# Trying to find the plastic bags used by seed companies



## Green (Dec 24, 2017)

What are the plastic bags used by the seed companies for smaller orders (not the larger woven bags, but the clear platsic that is very soft yet durable)? They're not Ziplock bags, and they're also a superior material. Searching online, all I'm getting is all this stuff about alternatives to ziplock bags, how harmful plastic bags are for the environment, etc. You used to be able to search this type of thing out on google, but now the search results are littered with people's questions, things to buy that have nothing to do with it, etc.

Are these Polyethylene? Polypropylene? Some other plastic? The seed keeps really well in them...a few extra years in many cases.
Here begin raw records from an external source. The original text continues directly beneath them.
(* There exists a semifilter $\mathcal{S}$ that is homeomorphic to $\mathbf{S}$, where $\mathbf{S}$ is the (unique up to homeomorphism) zero-dimensional space that is the union of a completely metrizable subspace and a $\sigma$-compact subspace, is nowhere $\sigma$-compact, and is nowhere the union of a completely metrizable subspace and a countable subspace.
   Context: All spaces are separable metrizable. For a topological property $\mathcal{P}$, a space $X$ is nowhere $\mathcal{P}$ if $X$ is non-empty and no non-empty open subspace of $X$ has $\mathcal{P}$. It is known (van Mill) that a zero-dimensional space with the three listed properties is unique up to homeomorphism; this space is denoted $\mathbf{S}$. A semifilter (on $\omega$) is a collection $\mathcal{S}\subseteq\mathcal{P}(\omega)$ such that $\varnothing\notin\mathcal{S}$, $\omega\in\mathcal{S}$, $\mathcal{S}$ is closed under finite modifications, and $\mathcal{S}$ is upward-closed; it is viewed as a subspace of $2^\omega$ via characteristic functions. *)

From Stdlib Require Import Reals List.
Open Scope R_scope.

(** Points of the Cantor space 2^omega (= characteristic functions of subsets of omega). *)
Definition Cantor := nat -> bool.

Definition cset := Cantor -> Prop.

Definition agree (n : nat) (x y : Cantor) : Prop := forall k, (k < n)%nat -> x k = y k.

Definition open (U : cset) : Prop :=
  forall x, U x -> exists n, forall y, agree n x y -> U y.

Definition rel_open (X U : cset) : Prop :=
  (forall x, U x -> X x) /\
  (forall x, U x -> exists n, forall y, X y -> agree n x y -> U y).

Definition rel_clopen (X U : cset) : Prop :=
  rel_open X U /\ rel_open X (fun x => X x /\ ~ U x).

Definition zero_dimensional (X : cset) : Prop :=
  forall x U, rel_open X U -> U x ->
    exists V, rel_clopen X V /\ V x /\ (forall y, V y -> U y).

Definition compact (K : cset) : Prop :=
  forall (I : Type) (F : I -> cset),
    (forall i, open (F i)) ->
    (forall x, K x -> exists i, F i x) ->
    exists l : list I, forall x, K x -> exists i, In i l /\ F i x.

Definition sigma_compact (X : cset) : Prop :=
  exists K : nat -> cset, (forall n, compact (K n)) /\
    (forall x, X x <-> exists n, K n x).

(** Countable (possibly finite or empty). *)
Definition countable (X : cset) : Prop :=
  exists f : nat -> Cantor, forall x, X x -> exists n, f n = x.

Definition completely_metrizable (X : cset) : Prop :=
  exists d : Cantor -> Cantor -> R,
    (forall x y, X x -> X y -> 0 <= d x y) /\
    (forall x y, X x -> X y -> (d x y = 0 <-> x = y)) /\
    (forall x y, X x -> X y -> d x y = d y x) /\
    (forall x y z, X x -> X y -> X z -> d x z <= d x y + d y z) /\
    (forall U, (forall x, U x -> X x) ->
       (rel_open X U <->
        forall x, U x -> exists eps, 0 < eps /\
          forall y, X y -> d x y < eps -> U y)) /\
    (forall s : nat -> Cantor, (forall n, X (s n)) ->
       (forall eps, 0 < eps -> exists N, forall m n, (N <= m)%nat -> (N <= n)%nat ->
          d (s m) (s n) < eps) ->
       exists x, X x /\ forall eps, 0 < eps -> exists N, forall n, (N <= n)%nat ->
          d (s n) x < eps).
I want to find some of these bags.

Thanks.


----------



## FailedLawn (5 mo ago)

Not sure what you're talking about since all my seed has come in the woven bags.

Uline sells the woven plastic/sand bag type bags as well as many others.

Plastic sheeting/bag thickness is measured in "mils". The higher the number, the thicker the film.

Personally, I would use a ziplock type bag or Tupperware like container that offers a seal/gasket. Simple and readily available.


----------



## Green (Dec 24, 2017)

FailedLawn said:


> Not sure what you're talking about since all my seed has come in the woven bags.
> 
> Uline sells the woven plastic/sand bag type bags as well as many others.
> 
> ...


It's a stronger, clearer plastic, and is more flexible than ziplock (which I've read is usually polyethylene). There are no visible seams either. Its advantage is that it can be folded down and taped shut easily as you use the seed.

Maybe polypropylene???

I have 2018 KBG seed in these that still has very good germination.

Looking at ULine is a good idea.


----------



## Green (Dec 24, 2017)

Maybe heat sealing bags are what I want...since they come heat sealed from the seed companies. But I'm not sure if there's a specific type.


----------



## SPman (5 mo ago)

Maybe Mylar?


----------